In this study, the effect of blood flow is ignored for simplicity. This important element introduces additional forces due to the complex fluid–structure interaction, where a credible numerical simulation requires advanced structural solvers that can accurately predict time-resolved large-scale deformations.

If an advanced modeling effort is justified, improved material models, such as the hyperelastic Mooney-Rivlin five parameter or Ogden third-order model can then be employed to capture the complex behavior of these materials, utilizing the stress–strain data provided here. This is particularly important for vascular grafts and natural vessels, as they can undergo significant displacements during pulsatile blood flow. It is imperative to avoid using simplified linear material properties for large displacements in the finite element method, as doing so would lead to distortions in the computational model results, deviating from the true behavior of the graft or vessel.

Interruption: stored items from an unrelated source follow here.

Lemma lattice_congruence_short_inv : lattice_congruence R.
Proof.
have [Rrefl Rsym Rtrans] := short_inv_cong_equiv.
have convex_gt u v w :
    near q u w -> ord_gt u v -> ord_gt v w -> near q u v && near q v w.
  by rewrite /near /ord_gt => /andP [? ?] ? ?; rewrite -!(rwP andP); lia.
have convex_lt u v w :
    near q u w -> ord_lt u v -> ord_lt v w -> near q u v && near q v w.
  by rewrite /near /ord_lt => /andP [? ?] ? ?; rewrite -!(rwP andP); lia.
have agree x y (L : rel 'I_n) :
    R x y -> forall u v, near q u v -> L u v -> precedes x u v = precedes y u v.
  by move=> /eqP Rxy u v Tuv _; apply: precedes_short_inv.
split=> // x y z jx jy Rxy.
- move=> /(eq_is_lub _ _ _ (@weak_le_gt n)) hx /(eq_is_lub _ _ _ (@weak_le_gt n)) hy.
  apply/eqP/short_inv_precedes => u v Tuv vu.
  exact: (rjoin_window (strict_total_ord_gt n) near_refl convex_gt
                       (agree _ _ _ Rxy) hx hy).
- have e a b : weak_le b a = rweak_le (@ord_lt n) a b by rewrite rweak_le_lt.
  move=> /(eq_is_lub _ _ _ e) hx /(eq_is_lub _ _ _ e) hy.
  apply/eqP/short_inv_precedes => u v Tuv vu.
  have nuv : u != v by rewrite -val_eqE /= gtn_eqF.
  rewrite !(strict_total_negE (strict_total_precedes _) nuv); congr (~~ _).
  apply: (rjoin_window (strict_total_ord_lt n) near_refl convex_lt
                        (agree _ _ _ Rxy) hx hy) => //.
  by rewrite near_sym.
Qed.

End ShortInversions.

Section ShortInversionCovers.
Variables (n q : nat).
Implicit Types (x y : {perm 'I_n}).
Local Notation R := (@short_inv_cong n q).

Lemma cls_short_inv x y : cls R x = cls R y -> short_inv q x = short_inv q y.
Proof.
have [Rrefl _ _] := short_inv_cong_equiv n q.
by move=> e; move: (mem_cls Rrefl y); rewrite -e inE => /eqP.
Qed.

Lemma qlt_short_inv x y :
  qlt (cls R x) (cls R y) -> #|short_inv q x| < #|short_inv q y|.
Proof.
have [_ Rsym Rtrans] := short_inv_cong_equiv n q.
case/andP=> ne /exists_inP [x' x'X /exists_inP [y' y'Y /andP [_ le]]].
move: x'X y'Y; rewrite !inE => /eqP ex /eqP ey.
apply: proper_card; rewrite properEneq ex ey setSI ?andbT //.
apply: contraNneq ne => e; apply/eqP/(cls_eq Rsym Rtrans).
by rewrite /short_inv_cong ex ey e.
Qed.
(* Let $R$ be a finite ring with identity, $\alpha\in(0,1)$, and $Q$ a probability distribution on $R$ constant on similarity classes. Let $\pi$ be the (unique) stationary distribution of the Markov chain $(X_t)$ on $R$ defined below. If $a,b\in R$ satisfy $S_a=S_b$, then $\pi(a)=\pi(b)$.
   Context: Similarity classes: $a,b$ are similar if $b=uau^{-1}$ for some unit $u$ of $R$. The Markov chain $(X_t)$ on $R$: at each step an independent coin with Heads probability $\alpha$ is tossed; on Heads, $X_{t+1}=X_t+Y$ with $Y$ uniformly distributed on $R$ (independent); on Tails, $X_{t+1}=Z\cdot X_t$ with $Z$ drawn independently from $Q$ (so the transition matrix is $M_R=\frac{\alpha}{|R|}J+(1-\alpha)B_R$, where $J$ is the all-ones matrix and $B_R(a,b)=\sum_{x\in R,\,xa=b}Q(x)$). For $a\in R$, $I_a=Ra$ is the principal left ideal generated by $a$ and $S_a$ is the set of elements of $I_a$ that generate $I_a$ as a left ideal. *)

From mathcomp Require Import all_boot all_order all_algebra.
Set Implicit Arguments. Unset Strict Implicit. Unset Printing Implicit Defensive.
Import Order.TTheory GRing.Theory Num.Theory.
Local Open Scope ring_scope.

Definition is_unit_of (T : finPzRingType) (u : T) : Prop :=
  exists v : T, u * v = 1 /\ v * u = 1.

Definition similar (T : finPzRingType) (a b : T) : Prop :=
  exists u v : T, u * v = 1 /\ v * u = 1 /\ b = u * a * v.

Definition is_distribution (T : finPzRingType) (F : realFieldType) (Q : T -> F) : Prop :=
  (forall x, 0 <= Q x) /\ \sum_(x : T) Q x = 1.

Definition class_constant (T : finPzRingType) (F : realFieldType) (Q : T -> F) : Prop :=
  forall a b : T, similar a b -> Q a = Q b.

Definition Bmat (T : finPzRingType) (F : realFieldType) (Q : T -> F) (a b : T) : F :=
  \sum_(x : T | x * a == b) Q x.

Definition Mmat (T : finPzRingType) (F : realFieldType) (alpha : F) (Q : T -> F) (a b : T) : F :=
  alpha / (#|T|%:R) + (1 - alpha) * Bmat Q a b.

Definition stationary (T : finPzRingType) (F : realFieldType) (alpha : F) (Q pi : T -> F) : Prop :=
  is_distribution pi /\ forall b : T, \sum_(a : T) pi a * Mmat alpha Q a b = pi b.

Definition Ideal (T : finPzRingType) (a : T) : {set T} := [set x * a | x : T].

Definition Sgen (T : finPzRingType) (a : T) : {set T} :=
  [set c in Ideal a | Ideal c == Ideal a].

From mathcomp Require Import all_boot all_order all_algebra.
Import Order.TTheory GRing.Theory Num.Theory.
Local Open Scope ring_scope.

(* If S_a = S_b then R a = R b, so y a = b and x b = a for some x, y.  Some
   power f = (x y)^k is idempotent and fixes a, and p := y f, q := f (x y)^(k-1) x
   satisfy q p = f, so g := p q is an idempotent with f R ~ g R.  In a principal
   right ideal X the elements killed by right multiplication with an
   idempotent h number |X| / |X h|, and |X f| = |X g|; Moebius inversion over
   the principal right ideals then shows that every Y has as many generators
   killed by f as generators killed by g.  As 1 - g generates (1 - g) R, some
   c with c f = 0 generates (1 - g) R, and p + c is a unit u with u a = b.
   Since Q is constant on similarity classes, B(u c, u d) = B(c, d), so
   d |-> pi(u d) - pi(d) is a fixed point of w |-> (1 - alpha) w B, a strict
   contraction of the l1 norm. *)

Section FiniteRing.
#[local] Set Implicit Arguments.
#[local] Unset Strict Implicit.
Variable T : finPzRingType.

Lemma mul_eq1_sym (u v : T) : u * v = 1 -> v * u = 1.
Proof.
move=> uv.
have vK : injective (fun z : T => v * z).
  by move=> z z' /(congr1 (fun w => u * w)); rewrite !mulrA uv !mul1r.
have [z vz] : exists z, v * z = 1 by exists (invF vK 1); apply: f_invF.
suff -> : u = z by [].
by rewrite -[u]mulr1 -vz mulrA uv mul1r.
Qed.

Lemma exists_idempotent_expr (e : T) :
  exists2 k, (0 < k)%N & e ^+ k * e ^+ k = e ^+ k.
Proof.
pose E (i : 'I_#|T|.+1) := e ^+ i.
have /injectivePn [i [j nij Eij]] : ~~ injectiveb E.
  by apply/injectiveP => /leq_card; rewrite card_ord ltnn.
have [i0 [d d_gt0 Eperiod]] : exists i0, exists2 d, (0 < d)%N & e ^+ (i0 + d) = e ^+ i0.
  case: (ltngtP i j) nij Eij => [lt_ij|lt_ji|/val_inj->]; rewrite ?eqxx // => _ Eij.
  - by exists i, (j - i)%N; rewrite ?subn_gt0 // subnKC 1?ltnW.
  - by exists j, (i - j)%N; rewrite ?subn_gt0 // subnKC 1?ltnW.
have Estep m : (i0 <= m)%N -> e ^+ (m + d) = e ^+ m.
  by move=> le_i0m; rewrite -(subnK le_i0m) -addnA exprD Eperiod -exprD.
have Eperiods t m : (i0 <= m)%N -> e ^+ (m + t * d) = e ^+ m.
  move=> le_i0m; elim: t => [|t IHt]; first by rewrite addn0.
  by rewrite mulSnr addnA Estep ?IHt // (leq_trans le_i0m (leq_addr _ _)).
exists (d * i0.+1)%N; first by rewrite muln_gt0 d_gt0.
by rewrite -exprD {2}mulnC Eperiods // (leq_trans (leqnSn i0)) // leq_pmull.
Qed.

Definition rideal (n : T) : {set T} := [set n * r | r : T].

Definition rkilled (h : T) (N : {set T}) : {set T} := [set n in N | n * h == 0].

Definition gens_killed (h : T) (Y : {set T}) : {set T} :=
  [set n | (n * h == 0) && (rideal n == Y)].

Lemma mem_rideal n : n \in rideal n.
Proof. by apply/imsetP; exists 1; rewrite ?mulr1. Qed.

Lemma mulr_rideal m n r : n \in rideal m -> n * r \in rideal m.
Proof. by case/imsetP=> s _ ->; apply/imsetP; exists (s * r); rewrite ?mulrA. Qed.

Lemma addr_rideal m n n' : n \in rideal m -> n' \in rideal m -> n + n' \in rideal m.
Proof.
by case/imsetP=> r _ -> /imsetP [s _ ->]; apply/imsetP; exists (r + s); rewrite ?mulrDr.
Qed.

Lemma rideal_sub m n : n \in rideal m -> rideal n \subset rideal m.
Proof. by move=> nm; apply/subsetP=> _ /imsetP [r _ ->]; apply: mulr_rideal. Qed.

Lemma card_rkilled_rideal h m :
  #|rkilled h (rideal m)| = (\sum_(Y : {set T} | Y \subset rideal m) #|gens_killed h Y|)%N.
Proof.
rewrite -sum1_card (partition_big rideal (fun Y => Y \subset rideal m)); last first.
  by move=> n; rewrite inE => /andP [/rideal_sub].
apply: eq_bigr => Y sYm; rewrite -sum1_card; apply: eq_bigl => n; rewrite !inE.
apply/idP/idP => [/andP [/andP [_ ->] ->] // | /andP [-> /eqP nY]].
by rewrite nY eqxx andbT (subsetP sYm) // -nY mem_rideal.
Qed.

Lemma card_rideal_idem (f m : T) : f * f = f ->
  #|rideal m| = (#|[set (n * f)%R | n in rideal m]| * #|rkilled f (rideal m)|)%N.
Proof.
move=> ff; rewrite -cardsX.
rewrite -(card_in_imset (f := fun n => (n * f, n - n * f))); last first.
  by move=> n n' _ _ [e1 e2]; rewrite -(subrK (n * f) n) e2 e1 subrK.
apply: eq_card => -[p q]; rewrite in_setX inE; apply/imsetP/and3P.
  case=> n nm [-> ->]; split; first by apply/imsetP; exists n.
    by rewrite -{1}[n]mulr1 -mulrBr mulr_rideal.
  by rewrite mulrBl -mulrA ff subrr.
case=> /imsetP [n nm ->] qm /eqP qf; exists (n * f + q).
  by rewrite addr_rideal ?mulr_rideal.
have nqf : (n * f + q) * f = n * f by rewrite mulrDl qf addr0 -mulrA ff.
by rewrite nqf addrC addKr.
Qed.

Section IsomorphicIdempotents.
Variables f p q : T.
Hypotheses (ff : f * f = f) (qp : q * p = f) (fq : f * q = q) (pf : p * f = p).
Let g := p * q.

Lemma idem_pq : g * g = g.
Proof. by rewrite /g mulrA -(mulrA p) qp pf. Qed.

Lemma mul_q_pq : q * g = q.
Proof. by rewrite /g mulrA qp fq. Qed.

Lemma card_rideal_mul_iso m :
  #|[set n * g | n in rideal m]| = #|[set n * f | n in rideal m]|.
Proof.
have -> : [set n * g | n in rideal m] = [set n * f * q | n in rideal m].
  apply/setP=> z; apply/imsetP/imsetP => -[n nm ->].
    by exists (n * p); rewrite ?mulr_rideal // -mulrA fq -mulrA.
  by exists (n * q); rewrite ?mulr_rideal // -!mulrA mul_q_pq fq.
rewrite (imset_comp (fun z => z * q) (fun n => n * f)) card_in_imset //.
move=> _ _ /imsetP [n _ ->] /imsetP [n' _ ->] /(congr1 (fun z => z * p)).
by rewrite -!(mulrA _ q p) qp -!mulrA ff.
Qed.

Lemma card_rkilled_iso m : #|rkilled f (rideal m)| = #|rkilled g (rideal m)|.
Proof.
have mf_gt0 : (0 < #|[set (n * f)%R | n in rideal m]|)%N.
  by apply/card_gt0P; exists (m * f); apply/imsetP; exists m; rewrite ?mem_rideal.
apply/eqP; rewrite -(eqn_pmul2l mf_gt0) -card_rideal_idem //.
by rewrite -card_rideal_mul_iso -card_rideal_idem ?idem_pq.
Qed.

Lemma card_gens_killed_iso Y : #|gens_killed f Y| = #|gens_killed g Y|.
Proof.
have [k] := ubnP #|Y|; elim: k Y => // k IHk Y /ltnSE leYk.
have [/existsP [m /eqP mY] | noGen] := boolP [exists m, rideal m == Y]; last first.
  suff gens0 h : gens_killed h Y = set0 by rewrite !gens0.
  apply/setP=> n; rewrite !inE; apply/negP => /andP [_ nY].
  by move/existsP: noGen; apply; exists n.
have := card_rkilled_iso m; rewrite !card_rkilled_rideal mY.
rewrite (bigD1 Y) ?subxx // [X in _ = X -> _](bigD1 Y) ?subxx //=.
rewrite (eq_bigr (fun Z => #|gens_killed g Z|)) => [/addIn // | Z /andP [sZY nZY]].
by apply/IHk/leq_trans/leYk/proper_card; rewrite properEneq nZY.
Qed.

Lemma unit_of_iso_idem a : f * a = a ->
  exists u v : T, [/\ u * v = 1, v * u = 1 & u * a = p * a].
Proof.
move=> fa.
have : (0 < #|gens_killed g (rideal (1 - g)%R)|)%N.
  apply/card_gt0P; exists (1 - g); rewrite !inE eqxx andbT.
  by rewrite mulrBl mul1r idem_pq subrr.
rewrite -card_gens_killed_iso => /card_gt0P [c]; rewrite !inE => /andP [/eqP cf /eqP cY].
have /imsetP [t _ ct] : 1 - g \in rideal c by rewrite cY mem_rideal.
have cfc : c * (1 - f) = c by rewrite mulrBr mulr1 cf subr0.
have pf0 : p * (1 - f) = 0 by rewrite mulrBr mulr1 pf subrr.
have cq : c * q = 0 by rewrite -fq mulrA cf mul0r.
have uv : (p + c) * ((1 - f) * t + q) = 1.
  rewrite mulrDl !mulrDr !mulrA pf0 cq cfc -ct mul0r add0r addr0.
  by rewrite addrC subrK.
exists (p + c), ((1 - f) * t + q); split => //; first exact: mul_eq1_sym.
by rewrite mulrDl -{2}fa mulrA cf mul0r addr0.
Qed.

End IsomorphicIdempotents.

Lemma lassociate_unit (a b x y : T) : y * a = b -> x * b = a ->
  exists u v : T, [/\ u * v = 1, v * u = 1 & u * a = b].
Proof.
move=> yab xba; set e := x * y.
have [[//|k] _ idem_ek1] := exists_idempotent_expr e.
set f := e ^+ k.+1 in idem_ek1.
have ea : e * a = a by rewrite /e -mulrA yab xba.
have fa : f * a = a.
  by rewrite /f; elim: k.+1 => [|n IHn]; rewrite ?mul1r // exprSr -mulrA ea.
have fe : f = e ^+ k * e by rewrite /f exprSr.
have qp : f * e ^+ k * x * (y * f) = f.
  by rewrite -!mulrA (mulrA x y) -/e (mulrA _ e) -fe mulrA idem_ek1.
have fq : f * (f * e ^+ k * x) = f * e ^+ k * x by rewrite !mulrA idem_ek1.
have pf : y * f * f = y * f by rewrite -mulrA idem_ek1.
have [u [v [uv vu ua]]] := unit_of_iso_idem idem_ek1 qp fq pf fa.
by exists u, v; rewrite ua -mulrA fa yab.
Qed.

Lemma mem_Ideal (a : T) : a \in Ideal a.
Proof. by apply/imsetP; exists 1; rewrite ?mul1r. Qed.

Lemma Ideal_eq_unit (a b : T) : Ideal a = Ideal b ->
  exists u v : T, [/\ u * v = 1, v * u = 1 & u * a = b].
Proof.
move=> Iab.
have /imsetP [y _ yab] : b \in Ideal a by rewrite Iab mem_Ideal.
have /imsetP [x _ xba] : a \in Ideal b by rewrite -Iab mem_Ideal.
exact: lassociate_unit (esym yab) (esym xba).
Qed.

Lemma Sgen_eq_Ideal (a b : T) : Sgen a = Sgen b -> Ideal a = Ideal b.
Proof.
move=> Sab; have : a \in Sgen b by rewrite -Sab inE eqxx mem_Ideal.
by rewrite inE => /andP [_ /eqP].
Qed.

End FiniteRing.

Section Contraction.
#[local] Set Implicit Arguments.
#[local] Unset Strict Implicit.
Variables (I : finType) (F : realFieldType).

Lemma stochastic_contraction_eq0 (B : I -> I -> F) (c : F) (w : I -> F) :
  (forall i j, 0 <= B i j) -> (forall i, \sum_j B i j = 1) -> 0 <= c -> c < 1 ->
  (forall j, w j = c * \sum_i w i * B i j) -> forall j, w j = 0.
Proof.
move=> B_ge0 B_row c_ge0 c_lt1 wE.
have norm_le : \sum_j `|w j| <= c * \sum_j `|w j|.
  apply: (@le_trans _ _ (\sum_j c * \sum_i `|w i| * B i j)).
    apply: ler_sum => j _; rewrite {1}wE normrM ger0_norm // ler_wpM2l //.
    apply: le_trans (ler_norm_sum _ _ _) _; apply: ler_sum => i _.
    by rewrite normrM (ger0_norm (B_ge0 _ _)).
  rewrite -mulr_sumr exchange_big /=; apply: ler_wpM2l => //.
  by under eq_bigr do rewrite -mulr_sumr B_row mulr1.
have norm0 : \sum_j `|w j| = 0.
  have c1_gt0 : 0 < 1 - c by rewrite subr_gt0.
  apply/eqP; rewrite eq_le sumr_ge0 // andbT -(pmulr_rle0 _ c1_gt0).
  by rewrite mulrBl mul1r subr_le0.
move=> j; apply/eqP; rewrite -normr_eq0.
by rewrite (psumr_eq0P (fun i _ => normr_ge0 (w i)) norm0).
Qed.

End Contraction.

Section Chain.
#[local] Set Implicit Arguments.
#[local] Unset Strict Implicit.
Variables (T : finPzRingType) (F : realFieldType) (Q : T -> F).

Lemma Bmat_ge0 : (forall x, 0 <= Q x) -> forall c d, 0 <= Bmat Q c d.
Proof. by move=> Q_ge0 c d; apply: sumr_ge0. Qed.

Lemma sum_Bmat c : \sum_d Bmat Q c d = \sum_x Q x.
Proof.
rewrite /Bmat (exchange_big_dep xpredT) //=; apply: eq_bigr => x _.
by rewrite (big_pred1 (x * c)) // => d; rewrite eq_sym.
Qed.

Lemma Bmat_mul_unit (u v : T) : class_constant Q -> u * v = 1 -> v * u = 1 ->
  forall c d, Bmat Q (u * c) (u * d) = Bmat Q c d.
Proof.
move=> Qsim uv vu c d.
have conjK : injective (fun x => u * x * v).
  move=> x y /(congr1 (fun z => v * z * u)).
  by rewrite !mulrA vu !mul1r -!mulrA vu !mulr1.
rewrite /Bmat (reindex_inj conjK) /=; apply: eq_big => [x | x _].
  rewrite -mulrA (mulrA v) vu mul1r -mulrA; apply/eqP/eqP => [|-> //].
  by move/(congr1 (fun z => v * z)); rewrite !mulrA vu !mul1r.
by symmetry; apply: Qsim; exists u, v.
Qed.

Lemma stationaryE (alpha : F) (pi : T -> F) : stationary alpha Q pi ->
  forall d, pi d = alpha / #|T|%:R + (1 - alpha) * \sum_c pi c * Bmat Q c d.
Proof.
move=> [[_ pi1] pi_st] d; rewrite -pi_st /Mmat.
under eq_bigr do rewrite mulrDr.
rewrite big_split /= -mulr_suml pi1 mul1r mulr_sumr; congr (_ + _).
by apply: eq_bigr => c _; rewrite mulrCA.
Qed.

Lemma stationary_mul_unit (alpha : F) (pi : T -> F) (u v : T) :
  0 < alpha -> alpha < 1 -> is_distribution Q -> class_constant Q ->
  stationary alpha Q pi -> u * v = 1 -> v * u = 1 -> forall d, pi (u * d) = pi d.
Proof.
move=> alpha_gt0 alpha_lt1 [Q_ge0 Q1] Qsim pi_st uv vu d; apply/subr0_eq; move: d.
have uK : injective (fun c : T => u * c).
  by move=> x y /(congr1 (fun z => v * z)); rewrite !mulrA vu !mul1r.
apply: (stochastic_contraction_eq0 (c := 1 - alpha) (Bmat_ge0 Q_ge0)) => [c | | | d].
- by rewrite sum_Bmat Q1.
- by rewrite subr_ge0 ltW.
- by rewrite ltrBlDr ltrDl.
rewrite !(stationaryE pi_st) (reindex_inj uK) /=.
under [in RHS]eq_bigr do rewrite mulrBl.
rewrite opprD addrACA subrr add0r -mulrBr -sumrB; congr (_ * _).
by apply: eq_bigr => c _; rewrite (Bmat_mul_unit Qsim uv vu).
Qed.

End Chain.

Theorem proposition3p1 (T : finPzRingType) (F : realFieldType) (alpha : F)
  (Q pi : T -> F) :
  0 < alpha -> alpha < 1 ->
  is_distribution Q -> class_constant Q ->
  stationary alpha Q pi ->
  forall a b : T, Sgen a = Sgen b -> pi a = pi b.
Proof.
move=> alpha_gt0 alpha_lt1 Qdist Qsim pi_st a b /Sgen_eq_Ideal/Ideal_eq_unit.
case=> u [v [uv vu <-]].
by rewrite (stationary_mul_unit alpha_gt0 alpha_lt1 Qdist Qsim pi_st uv vu).
Qed.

Torsional buckling effects of these nonlinearly behaving anisotropic materials were not fully investigated in the present analytical study due to the lack of a comprehensive theory that directly relates the critical rotation angle to blood pressure. Also, we aim for a more practical approach that will help clinical decision-making. However, as a potential future direction, the presented mathematical technique can be further developed to incorporate nonlinear material parameters and anisotropy, along with the consideration of residual strain parameters of the human cardiovascular system as introduced in our previous study (Donmazov et al. 2015). This can be achieved by utilizing noninvasive in vivo pressure versus radius, length and thickness data. Furthermore, it is straightforward to incorporate the material characteristics of diseased or aged vascular tissue, incorporating available data. For example, Roy (1881) first observed a significant decrease in the longitudinal elasticity in the aortic wall of aged population. Garcia-Herrera et al. (2016) modelled the in vivo mechanical response of ascending aortic aneurysms in individuals with Marfan syndrome through uniaxial testing. The region affected by the disease exhibited higher stress levels compared to the unaffected part of the aortic arch. Sommer et al. (2016) studied the strength of aneurysmatic and dissected human thoracic aortas via triaxial shear and uniaxial tensile testing. They found that the aortic media exhibited stronger resistance to rupture under ‘out-of-plane’ shear loadings compared to ‘in-plane’ shear loadings. Additionally, the aortic tissues demonstrated anisotropic failure properties when subjected to different shear loadings, with higher ultimate shear stresses observed in the longitudinal direction than in the circumferential direction. Vande geest et al. (2006) developed a statistical model to noninvasively estimate the distribution of wall strength distribution in aortic aneurysms from the tensile testing of surgically procured abdominal aortic aneurysm wall specimens. In conclusion, the refined technique holds the potential to analyze the three-dimensional characterization of hyperelastic surgical materials, including the assessment of residual stresses.